■ YOUR GOAL
Could each record be restated word for word?
- - -
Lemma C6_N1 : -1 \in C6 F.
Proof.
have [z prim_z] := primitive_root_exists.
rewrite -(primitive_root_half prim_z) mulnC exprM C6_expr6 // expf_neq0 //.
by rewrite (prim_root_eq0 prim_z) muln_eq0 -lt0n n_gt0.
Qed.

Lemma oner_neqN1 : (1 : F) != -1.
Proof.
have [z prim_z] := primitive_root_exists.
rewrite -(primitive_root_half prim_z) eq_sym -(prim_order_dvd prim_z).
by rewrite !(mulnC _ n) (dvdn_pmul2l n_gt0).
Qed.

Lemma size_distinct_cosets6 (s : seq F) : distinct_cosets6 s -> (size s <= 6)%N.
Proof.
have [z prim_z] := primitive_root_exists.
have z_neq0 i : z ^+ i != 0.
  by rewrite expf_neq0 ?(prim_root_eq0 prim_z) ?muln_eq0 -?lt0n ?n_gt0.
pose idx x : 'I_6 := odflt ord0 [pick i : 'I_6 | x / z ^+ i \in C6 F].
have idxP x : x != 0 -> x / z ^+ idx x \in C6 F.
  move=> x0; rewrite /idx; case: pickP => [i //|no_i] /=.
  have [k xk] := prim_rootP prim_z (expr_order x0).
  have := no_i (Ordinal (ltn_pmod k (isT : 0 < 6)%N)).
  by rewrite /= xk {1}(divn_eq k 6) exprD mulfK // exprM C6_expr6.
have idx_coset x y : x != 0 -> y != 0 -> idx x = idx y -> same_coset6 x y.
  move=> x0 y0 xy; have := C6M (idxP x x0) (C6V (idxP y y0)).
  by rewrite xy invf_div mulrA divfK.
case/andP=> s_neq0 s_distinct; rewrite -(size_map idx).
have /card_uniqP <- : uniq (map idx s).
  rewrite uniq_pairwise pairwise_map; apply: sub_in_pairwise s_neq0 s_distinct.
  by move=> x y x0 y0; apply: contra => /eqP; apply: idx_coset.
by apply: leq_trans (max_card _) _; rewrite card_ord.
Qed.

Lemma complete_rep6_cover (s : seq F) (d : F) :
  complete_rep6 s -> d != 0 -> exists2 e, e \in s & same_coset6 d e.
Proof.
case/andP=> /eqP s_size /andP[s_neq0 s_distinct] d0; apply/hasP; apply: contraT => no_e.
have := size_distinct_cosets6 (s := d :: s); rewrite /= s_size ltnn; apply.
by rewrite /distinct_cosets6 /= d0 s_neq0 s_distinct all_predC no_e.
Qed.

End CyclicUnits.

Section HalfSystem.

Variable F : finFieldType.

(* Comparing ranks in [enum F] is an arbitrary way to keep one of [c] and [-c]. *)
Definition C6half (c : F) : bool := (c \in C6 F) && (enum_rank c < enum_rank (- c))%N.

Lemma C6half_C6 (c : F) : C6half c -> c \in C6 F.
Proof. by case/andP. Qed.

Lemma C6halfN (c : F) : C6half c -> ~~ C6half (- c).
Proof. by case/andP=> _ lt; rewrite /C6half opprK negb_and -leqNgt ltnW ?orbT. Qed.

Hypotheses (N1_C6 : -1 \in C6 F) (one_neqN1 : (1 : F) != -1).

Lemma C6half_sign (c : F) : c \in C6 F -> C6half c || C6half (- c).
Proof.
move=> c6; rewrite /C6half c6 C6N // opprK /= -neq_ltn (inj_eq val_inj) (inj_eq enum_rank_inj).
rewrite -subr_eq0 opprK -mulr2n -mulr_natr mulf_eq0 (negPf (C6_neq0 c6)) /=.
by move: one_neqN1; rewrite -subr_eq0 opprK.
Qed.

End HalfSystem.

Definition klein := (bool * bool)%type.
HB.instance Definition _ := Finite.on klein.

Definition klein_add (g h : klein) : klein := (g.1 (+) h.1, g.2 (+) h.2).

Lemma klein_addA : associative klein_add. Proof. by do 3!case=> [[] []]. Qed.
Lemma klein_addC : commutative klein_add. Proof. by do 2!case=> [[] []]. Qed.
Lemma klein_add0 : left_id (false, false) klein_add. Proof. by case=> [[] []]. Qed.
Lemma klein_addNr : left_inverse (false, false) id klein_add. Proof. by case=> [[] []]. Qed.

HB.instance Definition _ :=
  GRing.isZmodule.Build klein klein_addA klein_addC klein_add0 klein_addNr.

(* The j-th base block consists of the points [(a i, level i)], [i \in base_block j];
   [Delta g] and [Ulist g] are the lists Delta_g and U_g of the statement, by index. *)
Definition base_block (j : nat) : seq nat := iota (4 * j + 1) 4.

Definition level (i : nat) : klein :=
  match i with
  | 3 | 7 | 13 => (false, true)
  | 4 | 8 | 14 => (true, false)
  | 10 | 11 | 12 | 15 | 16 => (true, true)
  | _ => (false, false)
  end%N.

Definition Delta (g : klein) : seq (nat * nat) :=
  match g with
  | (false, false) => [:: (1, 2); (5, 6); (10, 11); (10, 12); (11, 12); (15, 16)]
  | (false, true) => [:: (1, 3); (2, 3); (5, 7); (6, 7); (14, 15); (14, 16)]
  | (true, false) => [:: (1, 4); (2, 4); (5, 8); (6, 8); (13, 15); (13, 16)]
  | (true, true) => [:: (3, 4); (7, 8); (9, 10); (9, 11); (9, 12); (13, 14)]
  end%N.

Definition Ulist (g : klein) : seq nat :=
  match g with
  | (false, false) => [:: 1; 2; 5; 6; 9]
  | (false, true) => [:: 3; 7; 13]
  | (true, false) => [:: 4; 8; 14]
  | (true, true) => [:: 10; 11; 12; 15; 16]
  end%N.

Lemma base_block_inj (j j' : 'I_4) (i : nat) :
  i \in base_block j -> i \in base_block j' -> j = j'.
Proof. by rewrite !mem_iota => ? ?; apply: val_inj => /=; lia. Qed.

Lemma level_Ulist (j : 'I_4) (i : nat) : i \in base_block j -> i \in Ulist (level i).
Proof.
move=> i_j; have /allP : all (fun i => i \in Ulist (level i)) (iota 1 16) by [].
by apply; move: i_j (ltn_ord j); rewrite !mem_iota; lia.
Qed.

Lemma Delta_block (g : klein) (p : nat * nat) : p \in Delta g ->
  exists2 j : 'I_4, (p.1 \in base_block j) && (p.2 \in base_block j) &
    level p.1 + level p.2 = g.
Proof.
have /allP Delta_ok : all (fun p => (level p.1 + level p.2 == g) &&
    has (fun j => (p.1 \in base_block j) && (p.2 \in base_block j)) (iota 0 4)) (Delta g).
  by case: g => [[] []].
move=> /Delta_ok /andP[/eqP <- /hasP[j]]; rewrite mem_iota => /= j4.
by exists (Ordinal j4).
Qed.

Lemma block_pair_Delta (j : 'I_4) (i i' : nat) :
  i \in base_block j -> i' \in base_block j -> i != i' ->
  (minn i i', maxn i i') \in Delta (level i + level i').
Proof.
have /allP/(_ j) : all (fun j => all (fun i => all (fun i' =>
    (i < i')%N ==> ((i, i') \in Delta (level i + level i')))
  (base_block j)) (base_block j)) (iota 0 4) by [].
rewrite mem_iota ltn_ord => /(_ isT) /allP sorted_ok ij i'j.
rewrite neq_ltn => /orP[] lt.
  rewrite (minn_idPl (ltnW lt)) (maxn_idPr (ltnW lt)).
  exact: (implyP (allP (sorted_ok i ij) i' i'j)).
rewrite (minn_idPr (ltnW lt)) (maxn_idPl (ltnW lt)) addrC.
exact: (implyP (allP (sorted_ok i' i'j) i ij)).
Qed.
- - -
■ RESPONSE AREA
Lemma C6_N1 : -1 \in C6 F.
Proof.
have [z prim_z] := primitive_root_exists.
rewrite -(primitive_root_half prim_z) mulnC exprM C6_expr6 // expf_neq0 //.
by rewrite (prim_root_eq0 prim_z) muln_eq0 -lt0n n_gt0.
Qed.

Lemma oner_neqN1 : (1 : F) != -1.
Proof.
have [z prim_z] := primitive_root_exists.
rewrite -(primitive_root_half prim_z) eq_sym -(prim_order_dvd prim_z).
by rewrite !(mulnC _ n) (dvdn_pmul2l n_gt0).
Qed.

Lemma size_distinct_cosets6 (s : seq F) : distinct_cosets6 s -> (size s <= 6)%N.
Proof.
have [z prim_z] := primitive_root_exists.
have z_neq0 i : z ^+ i != 0.
  by rewrite expf_neq0 ?(prim_root_eq0 prim_z) ?muln_eq0 -?lt0n ?n_gt0.
pose idx x : 'I_6 := odflt ord0 [pick i : 'I_6 | x / z ^+ i \in C6 F].
have idxP x : x != 0 -> x / z ^+ idx x \in C6 F.
  move=> x0; rewrite /idx; case: pickP => [i //|no_i] /=.
  have [k xk] := prim_rootP prim_z (expr_order x0).
  have := no_i (Ordinal (ltn_pmod k (isT : 0 < 6)%N)).
  by rewrite /= xk {1}(divn_eq k 6) exprD mulfK // exprM C6_expr6.
have idx_coset x y : x != 0 -> y != 0 -> idx x = idx y -> same_coset6 x y.
  move=> x0 y0 xy; have := C6M (idxP x x0) (C6V (idxP y y0)).
  by rewrite xy invf_div mulrA divfK.
case/andP=> s_neq0 s_distinct; rewrite -(size_map idx).
have /card_uniqP <- : uniq (map idx s).
  rewrite uniq_pairwise pairwise_map; apply: sub_in_pairwise s_neq0 s_distinct.
  by move=> x y x0 y0; apply: contra => /eqP; apply: idx_coset.
by apply: leq_trans (max_card _) _; rewrite card_ord.
Qed.

Lemma complete_rep6_cover (s : seq F) (d : F) :
  complete_rep6 s -> d != 0 -> exists2 e, e \in s & same_coset6 d e.
Proof.
case/andP=> /eqP s_size /andP[s_neq0 s_distinct] d0; apply/hasP; apply: contraT => no_e.
have := size_distinct_cosets6 (s := d :: s); rewrite /= s_size ltnn; apply.
by rewrite /distinct_cosets6 /= d0 s_neq0 s_distinct all_predC no_e.
Qed.

End CyclicUnits.

Section HalfSystem.

Variable F : finFieldType.

(* Comparing ranks in [enum F] is an arbitrary way to keep one of [c] and [-c]. *)
Definition C6half (c : F) : bool := (c \in C6 F) && (enum_rank c < enum_rank (- c))%N.

Lemma C6half_C6 (c : F) : C6half c -> c \in C6 F.
Proof. by case/andP. Qed.

Lemma C6halfN (c : F) : C6half c -> ~~ C6half (- c).
Proof. by case/andP=> _ lt; rewrite /C6half opprK negb_and -leqNgt ltnW ?orbT. Qed.

Hypotheses (N1_C6 : -1 \in C6 F) (one_neqN1 : (1 : F) != -1).

Lemma C6half_sign (c : F) : c \in C6 F -> C6half c || C6half (- c).
Proof.
move=> c6; rewrite /C6half c6 C6N // opprK /= -neq_ltn (inj_eq val_inj) (inj_eq enum_rank_inj).
rewrite -subr_eq0 opprK -mulr2n -mulr_natr mulf_eq0 (negPf (C6_neq0 c6)) /=.
by move: one_neqN1; rewrite -subr_eq0 opprK.
Qed.

End HalfSystem.

Definition klein := (bool * bool)%type.
HB.instance Definition _ := Finite.on klein.

Definition klein_add (g h : klein) : klein := (g.1 (+) h.1, g.2 (+) h.2).

Lemma klein_addA : associative klein_add. Proof. by do 3!case=> [[] []]. Qed.
Lemma klein_addC : commutative klein_add. Proof. by do 2!case=> [[] []]. Qed.
Lemma klein_add0 : left_id (false, false) klein_add. Proof. by case=> [[] []]. Qed.
Lemma klein_addNr : left_inverse (false, false) id klein_add. Proof. by case=> [[] []]. Qed.

HB.instance Definition _ :=
  GRing.isZmodule.Build klein klein_addA klein_addC klein_add0 klein_addNr.

(* The j-th base block consists of the points [(a i, level i)], [i \in base_block j];
   [Delta g] and [Ulist g] are the lists Delta_g and U_g of the statement, by index. *)
Definition base_block (j : nat) : seq nat := iota (4 * j + 1) 4.

Definition level (i : nat) : klein :=
  match i with
  | 3 | 7 | 13 => (false, true)
  | 4 | 8 | 14 => (true, false)
  | 10 | 11 | 12 | 15 | 16 => (true, true)
  | _ => (false, false)
  end%N.

Definition Delta (g : klein) : seq (nat * nat) :=
  match g with
  | (false, false) => [:: (1, 2); (5, 6); (10, 11); (10, 12); (11, 12); (15, 16)]
  | (false, true) => [:: (1, 3); (2, 3); (5, 7); (6, 7); (14, 15); (14, 16)]
  | (true, false) => [:: (1, 4); (2, 4); (5, 8); (6, 8); (13, 15); (13, 16)]
  | (true, true) => [:: (3, 4); (7, 8); (9, 10); (9, 11); (9, 12); (13, 14)]
  end%N.

Definition Ulist (g : klein) : seq nat :=
  match g with
  | (false, false) => [:: 1; 2; 5; 6; 9]
  | (false, true) => [:: 3; 7; 13]
  | (true, false) => [:: 4; 8; 14]
  | (true, true) => [:: 10; 11; 12; 15; 16]
  end%N.

Lemma base_block_inj (j j' : 'I_4) (i : nat) :
  i \in base_block j -> i \in base_block j' -> j = j'.
Proof. by rewrite !mem_iota => ? ?; apply: val_inj => /=; lia. Qed.

Lemma level_Ulist (j : 'I_4) (i : nat) : i \in base_block j -> i \in Ulist (level i).
Proof.
move=> i_j; have /allP : all (fun i => i \in Ulist (level i)) (iota 1 16) by [].
by apply; move: i_j (ltn_ord j); rewrite !mem_iota; lia.
Qed.

Lemma Delta_block (g : klein) (p : nat * nat) : p \in Delta g ->
  exists2 j : 'I_4, (p.1 \in base_block j) && (p.2 \in base_block j) &
    level p.1 + level p.2 = g.
Proof.
have /allP Delta_ok : all (fun p => (level p.1 + level p.2 == g) &&
    has (fun j => (p.1 \in base_block j) && (p.2 \in base_block j)) (iota 0 4)) (Delta g).
  by case: g => [[] []].
move=> /Delta_ok /andP[/eqP <- /hasP[j]]; rewrite mem_iota => /= j4.
by exists (Ordinal j4).
Qed.

Lemma block_pair_Delta (j : 'I_4) (i i' : nat) :
  i \in base_block j -> i' \in base_block j -> i != i' ->
  (minn i i', maxn i i') \in Delta (level i + level i').
Proof.
have /allP/(_ j) : all (fun j => all (fun i => all (fun i' =>
    (i < i')%N ==> ((i, i') \in Delta (level i + level i')))
  (base_block j)) (base_block j)) (iota 0 4) by [].
rewrite mem_iota ltn_ord => /(_ isT) /allP sorted_ok ij i'j.
rewrite neq_ltn => /orP[] lt.
  rewrite (minn_idPl (ltnW lt)) (maxn_idPr (ltnW lt)).
  exact: (implyP (allP (sorted_ok i ij) i' i'j)).
rewrite (minn_idPr (ltnW lt)) (maxn_idPl (ltnW lt)) addrC.
exact: (implyP (allP (sorted_ok i' i'j) i ij)).
Qed.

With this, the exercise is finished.